____ Given data
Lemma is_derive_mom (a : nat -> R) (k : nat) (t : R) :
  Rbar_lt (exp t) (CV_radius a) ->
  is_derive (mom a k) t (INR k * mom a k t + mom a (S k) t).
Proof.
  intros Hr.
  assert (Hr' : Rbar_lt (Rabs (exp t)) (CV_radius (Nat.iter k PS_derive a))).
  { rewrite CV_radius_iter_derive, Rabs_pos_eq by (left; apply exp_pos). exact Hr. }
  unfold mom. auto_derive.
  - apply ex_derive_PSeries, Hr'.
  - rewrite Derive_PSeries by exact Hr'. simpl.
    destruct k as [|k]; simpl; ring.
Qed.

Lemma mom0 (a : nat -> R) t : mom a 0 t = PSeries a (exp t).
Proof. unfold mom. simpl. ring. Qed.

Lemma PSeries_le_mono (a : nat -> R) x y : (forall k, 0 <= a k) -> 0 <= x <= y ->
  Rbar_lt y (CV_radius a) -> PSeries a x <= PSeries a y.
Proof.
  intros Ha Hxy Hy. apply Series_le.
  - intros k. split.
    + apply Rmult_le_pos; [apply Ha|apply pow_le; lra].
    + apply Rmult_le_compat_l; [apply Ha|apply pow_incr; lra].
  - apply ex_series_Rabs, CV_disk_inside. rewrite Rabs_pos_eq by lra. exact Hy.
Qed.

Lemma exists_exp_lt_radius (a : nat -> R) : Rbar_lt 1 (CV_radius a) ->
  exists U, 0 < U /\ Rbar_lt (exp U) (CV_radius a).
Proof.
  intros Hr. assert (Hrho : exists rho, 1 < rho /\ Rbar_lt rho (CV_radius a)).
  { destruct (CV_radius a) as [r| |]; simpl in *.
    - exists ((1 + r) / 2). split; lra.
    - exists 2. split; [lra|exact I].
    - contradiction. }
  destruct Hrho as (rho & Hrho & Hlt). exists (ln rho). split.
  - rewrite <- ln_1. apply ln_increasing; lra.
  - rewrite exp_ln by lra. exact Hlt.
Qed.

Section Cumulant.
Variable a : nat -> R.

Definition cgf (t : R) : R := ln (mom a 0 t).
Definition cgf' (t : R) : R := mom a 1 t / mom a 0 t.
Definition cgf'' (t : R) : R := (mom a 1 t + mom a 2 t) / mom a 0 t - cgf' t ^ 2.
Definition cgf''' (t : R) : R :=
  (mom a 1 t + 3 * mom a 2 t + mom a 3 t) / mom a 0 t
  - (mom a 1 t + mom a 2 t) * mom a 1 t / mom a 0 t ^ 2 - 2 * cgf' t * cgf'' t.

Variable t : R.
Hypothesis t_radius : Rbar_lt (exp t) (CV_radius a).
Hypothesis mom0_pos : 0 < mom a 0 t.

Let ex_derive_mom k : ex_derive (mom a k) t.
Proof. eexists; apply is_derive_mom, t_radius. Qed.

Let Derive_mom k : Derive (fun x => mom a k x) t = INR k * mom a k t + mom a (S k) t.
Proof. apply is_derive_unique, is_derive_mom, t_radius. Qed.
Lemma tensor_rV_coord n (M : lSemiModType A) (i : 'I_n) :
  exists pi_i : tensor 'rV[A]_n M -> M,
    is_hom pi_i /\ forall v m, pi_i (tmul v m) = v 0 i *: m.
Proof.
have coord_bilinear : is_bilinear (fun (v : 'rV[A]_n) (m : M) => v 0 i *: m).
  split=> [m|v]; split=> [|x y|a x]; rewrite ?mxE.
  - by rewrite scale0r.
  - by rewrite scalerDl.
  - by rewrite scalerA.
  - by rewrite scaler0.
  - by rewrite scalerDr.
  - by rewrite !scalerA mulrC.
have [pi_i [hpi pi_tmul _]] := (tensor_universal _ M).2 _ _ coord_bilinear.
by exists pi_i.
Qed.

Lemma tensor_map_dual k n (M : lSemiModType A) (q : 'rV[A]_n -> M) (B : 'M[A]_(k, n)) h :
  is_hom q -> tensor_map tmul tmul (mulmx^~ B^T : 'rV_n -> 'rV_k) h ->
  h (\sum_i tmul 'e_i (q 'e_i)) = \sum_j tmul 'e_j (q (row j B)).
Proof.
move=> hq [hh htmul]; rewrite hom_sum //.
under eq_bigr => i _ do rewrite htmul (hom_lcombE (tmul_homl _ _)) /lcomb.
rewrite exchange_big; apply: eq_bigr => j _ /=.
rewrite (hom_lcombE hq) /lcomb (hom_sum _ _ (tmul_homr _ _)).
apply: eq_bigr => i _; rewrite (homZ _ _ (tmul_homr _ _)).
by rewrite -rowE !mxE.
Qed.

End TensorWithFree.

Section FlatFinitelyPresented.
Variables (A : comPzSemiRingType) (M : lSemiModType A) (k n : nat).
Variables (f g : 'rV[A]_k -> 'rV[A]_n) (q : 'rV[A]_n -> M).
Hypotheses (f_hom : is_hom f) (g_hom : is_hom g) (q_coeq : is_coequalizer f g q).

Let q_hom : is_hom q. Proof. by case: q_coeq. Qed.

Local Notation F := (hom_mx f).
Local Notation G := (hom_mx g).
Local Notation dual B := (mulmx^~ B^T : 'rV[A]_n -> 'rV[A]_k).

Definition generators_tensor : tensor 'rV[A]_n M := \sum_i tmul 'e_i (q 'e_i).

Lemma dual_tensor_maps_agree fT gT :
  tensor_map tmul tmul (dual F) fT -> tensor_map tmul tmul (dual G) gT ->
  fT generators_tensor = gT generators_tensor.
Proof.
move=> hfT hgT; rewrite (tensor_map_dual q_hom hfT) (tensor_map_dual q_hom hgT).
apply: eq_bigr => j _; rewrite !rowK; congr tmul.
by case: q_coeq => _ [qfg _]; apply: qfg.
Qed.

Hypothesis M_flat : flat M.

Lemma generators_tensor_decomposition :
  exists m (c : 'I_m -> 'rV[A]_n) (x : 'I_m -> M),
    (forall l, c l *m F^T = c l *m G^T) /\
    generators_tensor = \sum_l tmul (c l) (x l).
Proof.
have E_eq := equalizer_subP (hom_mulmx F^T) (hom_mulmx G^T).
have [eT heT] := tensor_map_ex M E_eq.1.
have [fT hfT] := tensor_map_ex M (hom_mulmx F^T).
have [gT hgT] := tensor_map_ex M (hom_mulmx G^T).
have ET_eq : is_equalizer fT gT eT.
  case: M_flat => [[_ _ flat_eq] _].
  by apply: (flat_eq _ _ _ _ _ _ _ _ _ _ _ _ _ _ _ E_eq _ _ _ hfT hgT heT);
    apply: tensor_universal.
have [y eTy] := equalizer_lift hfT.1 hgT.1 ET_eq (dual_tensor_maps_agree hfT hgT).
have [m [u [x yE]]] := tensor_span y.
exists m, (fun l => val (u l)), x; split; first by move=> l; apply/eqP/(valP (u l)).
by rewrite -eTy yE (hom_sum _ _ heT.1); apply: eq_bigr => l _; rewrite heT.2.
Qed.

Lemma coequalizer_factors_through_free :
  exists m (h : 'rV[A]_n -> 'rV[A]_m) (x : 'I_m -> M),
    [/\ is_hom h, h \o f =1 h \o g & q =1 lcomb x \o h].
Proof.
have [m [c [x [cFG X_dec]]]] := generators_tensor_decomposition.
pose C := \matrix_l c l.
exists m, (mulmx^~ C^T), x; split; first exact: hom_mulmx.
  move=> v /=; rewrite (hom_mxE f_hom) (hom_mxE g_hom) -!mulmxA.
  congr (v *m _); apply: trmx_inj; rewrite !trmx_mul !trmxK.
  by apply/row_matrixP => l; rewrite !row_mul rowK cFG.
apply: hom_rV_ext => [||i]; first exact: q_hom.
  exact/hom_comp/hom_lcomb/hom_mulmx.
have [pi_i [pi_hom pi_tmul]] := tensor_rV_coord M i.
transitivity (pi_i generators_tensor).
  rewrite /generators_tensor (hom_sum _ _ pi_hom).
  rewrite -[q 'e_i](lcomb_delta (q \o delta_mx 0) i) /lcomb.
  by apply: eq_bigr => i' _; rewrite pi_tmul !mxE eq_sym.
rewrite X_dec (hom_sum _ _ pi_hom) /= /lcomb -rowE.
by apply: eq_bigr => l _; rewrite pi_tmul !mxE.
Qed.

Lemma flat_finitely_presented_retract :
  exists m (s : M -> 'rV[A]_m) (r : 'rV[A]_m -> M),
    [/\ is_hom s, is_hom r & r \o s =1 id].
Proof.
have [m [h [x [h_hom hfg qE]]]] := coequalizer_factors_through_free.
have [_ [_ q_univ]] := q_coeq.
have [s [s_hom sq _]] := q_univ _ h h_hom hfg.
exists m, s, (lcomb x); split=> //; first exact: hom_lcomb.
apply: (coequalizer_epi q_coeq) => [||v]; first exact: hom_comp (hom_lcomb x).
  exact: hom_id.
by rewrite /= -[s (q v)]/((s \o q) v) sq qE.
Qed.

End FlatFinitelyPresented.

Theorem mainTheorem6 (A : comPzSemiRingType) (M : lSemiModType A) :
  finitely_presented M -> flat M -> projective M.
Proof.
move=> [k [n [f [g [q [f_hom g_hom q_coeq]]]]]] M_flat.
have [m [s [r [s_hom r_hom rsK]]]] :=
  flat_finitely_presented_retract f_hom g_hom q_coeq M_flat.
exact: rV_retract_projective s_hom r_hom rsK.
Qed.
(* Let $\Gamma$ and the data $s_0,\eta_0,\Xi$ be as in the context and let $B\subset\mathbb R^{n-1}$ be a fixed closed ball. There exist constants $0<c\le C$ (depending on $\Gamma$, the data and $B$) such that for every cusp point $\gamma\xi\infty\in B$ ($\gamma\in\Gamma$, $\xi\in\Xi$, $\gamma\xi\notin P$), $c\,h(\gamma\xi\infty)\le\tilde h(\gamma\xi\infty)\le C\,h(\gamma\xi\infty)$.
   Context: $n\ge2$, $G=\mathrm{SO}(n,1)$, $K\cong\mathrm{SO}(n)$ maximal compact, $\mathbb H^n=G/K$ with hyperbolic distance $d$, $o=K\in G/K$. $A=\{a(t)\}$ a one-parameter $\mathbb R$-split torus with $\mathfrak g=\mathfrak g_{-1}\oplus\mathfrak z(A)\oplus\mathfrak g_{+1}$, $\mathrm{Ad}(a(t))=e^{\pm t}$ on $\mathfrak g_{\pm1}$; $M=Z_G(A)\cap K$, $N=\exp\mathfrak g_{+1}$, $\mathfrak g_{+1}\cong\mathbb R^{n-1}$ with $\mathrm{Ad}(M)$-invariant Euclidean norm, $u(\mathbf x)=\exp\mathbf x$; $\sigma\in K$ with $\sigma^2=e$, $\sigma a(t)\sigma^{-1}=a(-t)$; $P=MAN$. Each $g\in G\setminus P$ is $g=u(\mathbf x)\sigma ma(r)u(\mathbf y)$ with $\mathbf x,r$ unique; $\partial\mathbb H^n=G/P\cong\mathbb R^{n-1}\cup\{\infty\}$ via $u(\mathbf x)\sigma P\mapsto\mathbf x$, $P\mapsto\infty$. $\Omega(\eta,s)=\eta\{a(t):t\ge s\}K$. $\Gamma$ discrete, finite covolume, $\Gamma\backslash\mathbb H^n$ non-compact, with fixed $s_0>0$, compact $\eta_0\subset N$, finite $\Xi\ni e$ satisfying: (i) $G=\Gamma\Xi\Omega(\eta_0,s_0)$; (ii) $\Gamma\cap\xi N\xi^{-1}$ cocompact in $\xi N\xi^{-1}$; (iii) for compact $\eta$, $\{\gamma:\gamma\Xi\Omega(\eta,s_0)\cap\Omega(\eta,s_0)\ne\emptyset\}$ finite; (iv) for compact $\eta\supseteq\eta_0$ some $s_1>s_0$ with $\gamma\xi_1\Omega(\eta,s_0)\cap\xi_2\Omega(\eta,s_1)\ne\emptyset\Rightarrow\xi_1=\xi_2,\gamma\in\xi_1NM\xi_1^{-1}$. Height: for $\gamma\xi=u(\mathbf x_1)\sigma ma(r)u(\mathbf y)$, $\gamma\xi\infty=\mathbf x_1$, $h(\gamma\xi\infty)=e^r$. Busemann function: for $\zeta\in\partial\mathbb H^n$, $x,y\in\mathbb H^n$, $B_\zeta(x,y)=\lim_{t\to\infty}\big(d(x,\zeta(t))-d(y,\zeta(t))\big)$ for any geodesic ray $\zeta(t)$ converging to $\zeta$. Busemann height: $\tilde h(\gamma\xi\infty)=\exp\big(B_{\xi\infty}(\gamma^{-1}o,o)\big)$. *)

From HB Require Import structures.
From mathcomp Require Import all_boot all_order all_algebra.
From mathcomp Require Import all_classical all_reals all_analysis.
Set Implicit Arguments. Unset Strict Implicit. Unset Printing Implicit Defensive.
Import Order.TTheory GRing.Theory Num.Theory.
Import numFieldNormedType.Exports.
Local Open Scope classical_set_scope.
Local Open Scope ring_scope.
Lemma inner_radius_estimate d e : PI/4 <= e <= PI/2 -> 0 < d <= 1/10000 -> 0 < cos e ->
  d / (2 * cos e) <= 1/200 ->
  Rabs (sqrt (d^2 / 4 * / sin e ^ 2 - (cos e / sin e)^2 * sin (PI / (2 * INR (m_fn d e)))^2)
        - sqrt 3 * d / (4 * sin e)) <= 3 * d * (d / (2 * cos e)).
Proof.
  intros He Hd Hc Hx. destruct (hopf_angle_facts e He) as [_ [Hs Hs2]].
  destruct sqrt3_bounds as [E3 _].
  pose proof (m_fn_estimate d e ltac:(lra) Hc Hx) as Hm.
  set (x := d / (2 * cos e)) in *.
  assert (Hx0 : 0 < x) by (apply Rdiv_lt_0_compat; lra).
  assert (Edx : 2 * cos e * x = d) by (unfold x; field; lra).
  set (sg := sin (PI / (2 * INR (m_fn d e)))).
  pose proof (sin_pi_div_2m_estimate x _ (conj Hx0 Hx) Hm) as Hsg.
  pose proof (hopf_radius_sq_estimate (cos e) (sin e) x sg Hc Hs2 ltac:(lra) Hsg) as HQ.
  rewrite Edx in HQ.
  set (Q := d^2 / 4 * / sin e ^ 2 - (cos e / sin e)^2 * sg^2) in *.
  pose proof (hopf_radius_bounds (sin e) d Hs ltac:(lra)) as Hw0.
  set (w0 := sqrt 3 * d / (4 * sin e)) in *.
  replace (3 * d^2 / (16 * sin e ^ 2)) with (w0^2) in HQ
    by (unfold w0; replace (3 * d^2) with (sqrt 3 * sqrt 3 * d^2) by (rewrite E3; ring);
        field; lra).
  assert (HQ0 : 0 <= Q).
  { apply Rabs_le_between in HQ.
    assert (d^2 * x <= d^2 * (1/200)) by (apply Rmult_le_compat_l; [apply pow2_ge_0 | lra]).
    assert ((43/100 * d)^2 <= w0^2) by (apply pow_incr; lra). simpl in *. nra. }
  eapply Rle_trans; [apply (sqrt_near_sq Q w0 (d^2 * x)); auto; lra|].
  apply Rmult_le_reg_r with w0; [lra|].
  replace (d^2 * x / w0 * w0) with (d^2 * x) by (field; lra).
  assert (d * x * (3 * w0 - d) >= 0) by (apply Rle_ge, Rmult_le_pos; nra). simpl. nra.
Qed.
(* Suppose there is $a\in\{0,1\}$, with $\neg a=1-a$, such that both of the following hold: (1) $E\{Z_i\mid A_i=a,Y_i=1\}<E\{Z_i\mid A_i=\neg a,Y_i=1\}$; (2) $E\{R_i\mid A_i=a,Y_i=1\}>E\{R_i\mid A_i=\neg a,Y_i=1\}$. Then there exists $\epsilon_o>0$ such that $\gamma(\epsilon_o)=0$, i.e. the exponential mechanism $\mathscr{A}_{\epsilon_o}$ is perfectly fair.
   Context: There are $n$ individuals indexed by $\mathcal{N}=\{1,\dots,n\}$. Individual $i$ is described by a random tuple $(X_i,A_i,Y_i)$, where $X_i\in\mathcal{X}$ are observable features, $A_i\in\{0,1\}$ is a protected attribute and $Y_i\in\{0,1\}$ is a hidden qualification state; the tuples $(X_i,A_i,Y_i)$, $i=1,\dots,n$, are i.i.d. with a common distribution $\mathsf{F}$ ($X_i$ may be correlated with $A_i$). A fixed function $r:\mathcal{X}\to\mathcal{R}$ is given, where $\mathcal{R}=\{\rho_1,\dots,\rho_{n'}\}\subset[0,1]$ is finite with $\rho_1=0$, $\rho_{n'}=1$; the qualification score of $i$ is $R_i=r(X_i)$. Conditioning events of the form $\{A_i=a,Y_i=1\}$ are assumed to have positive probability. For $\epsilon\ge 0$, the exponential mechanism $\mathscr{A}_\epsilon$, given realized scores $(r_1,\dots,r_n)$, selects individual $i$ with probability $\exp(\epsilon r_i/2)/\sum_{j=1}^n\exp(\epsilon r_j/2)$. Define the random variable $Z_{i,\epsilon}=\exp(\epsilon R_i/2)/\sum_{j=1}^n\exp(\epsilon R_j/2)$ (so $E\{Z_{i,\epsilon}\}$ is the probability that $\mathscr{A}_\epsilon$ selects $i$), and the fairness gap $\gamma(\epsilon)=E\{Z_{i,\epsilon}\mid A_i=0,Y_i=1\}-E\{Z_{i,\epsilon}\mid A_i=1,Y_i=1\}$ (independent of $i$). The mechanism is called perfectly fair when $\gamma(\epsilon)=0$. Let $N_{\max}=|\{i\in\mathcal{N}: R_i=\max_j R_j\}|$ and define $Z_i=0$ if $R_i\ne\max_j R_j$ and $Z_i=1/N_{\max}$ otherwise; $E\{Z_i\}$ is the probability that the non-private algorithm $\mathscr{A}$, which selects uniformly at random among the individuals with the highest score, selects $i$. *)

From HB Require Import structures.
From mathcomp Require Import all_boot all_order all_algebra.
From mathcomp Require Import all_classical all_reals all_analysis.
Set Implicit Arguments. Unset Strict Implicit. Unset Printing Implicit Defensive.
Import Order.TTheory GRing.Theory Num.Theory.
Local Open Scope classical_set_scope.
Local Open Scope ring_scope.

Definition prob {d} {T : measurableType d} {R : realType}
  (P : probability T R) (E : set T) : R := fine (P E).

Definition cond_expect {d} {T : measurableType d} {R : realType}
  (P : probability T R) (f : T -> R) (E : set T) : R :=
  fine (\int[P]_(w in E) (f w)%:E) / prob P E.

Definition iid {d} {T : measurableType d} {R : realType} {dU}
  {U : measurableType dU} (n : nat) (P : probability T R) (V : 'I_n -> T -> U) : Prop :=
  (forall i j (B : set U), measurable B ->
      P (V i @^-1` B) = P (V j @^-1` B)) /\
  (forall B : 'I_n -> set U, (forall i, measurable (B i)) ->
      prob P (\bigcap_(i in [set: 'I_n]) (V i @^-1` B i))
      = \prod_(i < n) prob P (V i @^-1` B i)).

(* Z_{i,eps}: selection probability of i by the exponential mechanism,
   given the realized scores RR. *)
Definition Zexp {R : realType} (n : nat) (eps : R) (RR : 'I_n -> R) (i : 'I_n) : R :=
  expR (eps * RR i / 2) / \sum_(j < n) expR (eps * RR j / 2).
________
* Problem statement
Could you repeat exactly the lines above from the line with "case: M_flat => [[_ _ flat_eq] _]." up to and including the line with "have [y eTy]", and only those?

* Your response
  case: M_flat => [[_ _ flat_eq] _].
  by apply: (flat_eq _ _ _ _ _ _ _ _ _ _ _ _ _ _ _ E_eq _ _ _ hfT hgT heT);
    apply: tensor_universal.
have [y eTy] := equalizer_lift hfT.1 hgT.1 ET_eq (dual_tensor_maps_agree hfT hgT).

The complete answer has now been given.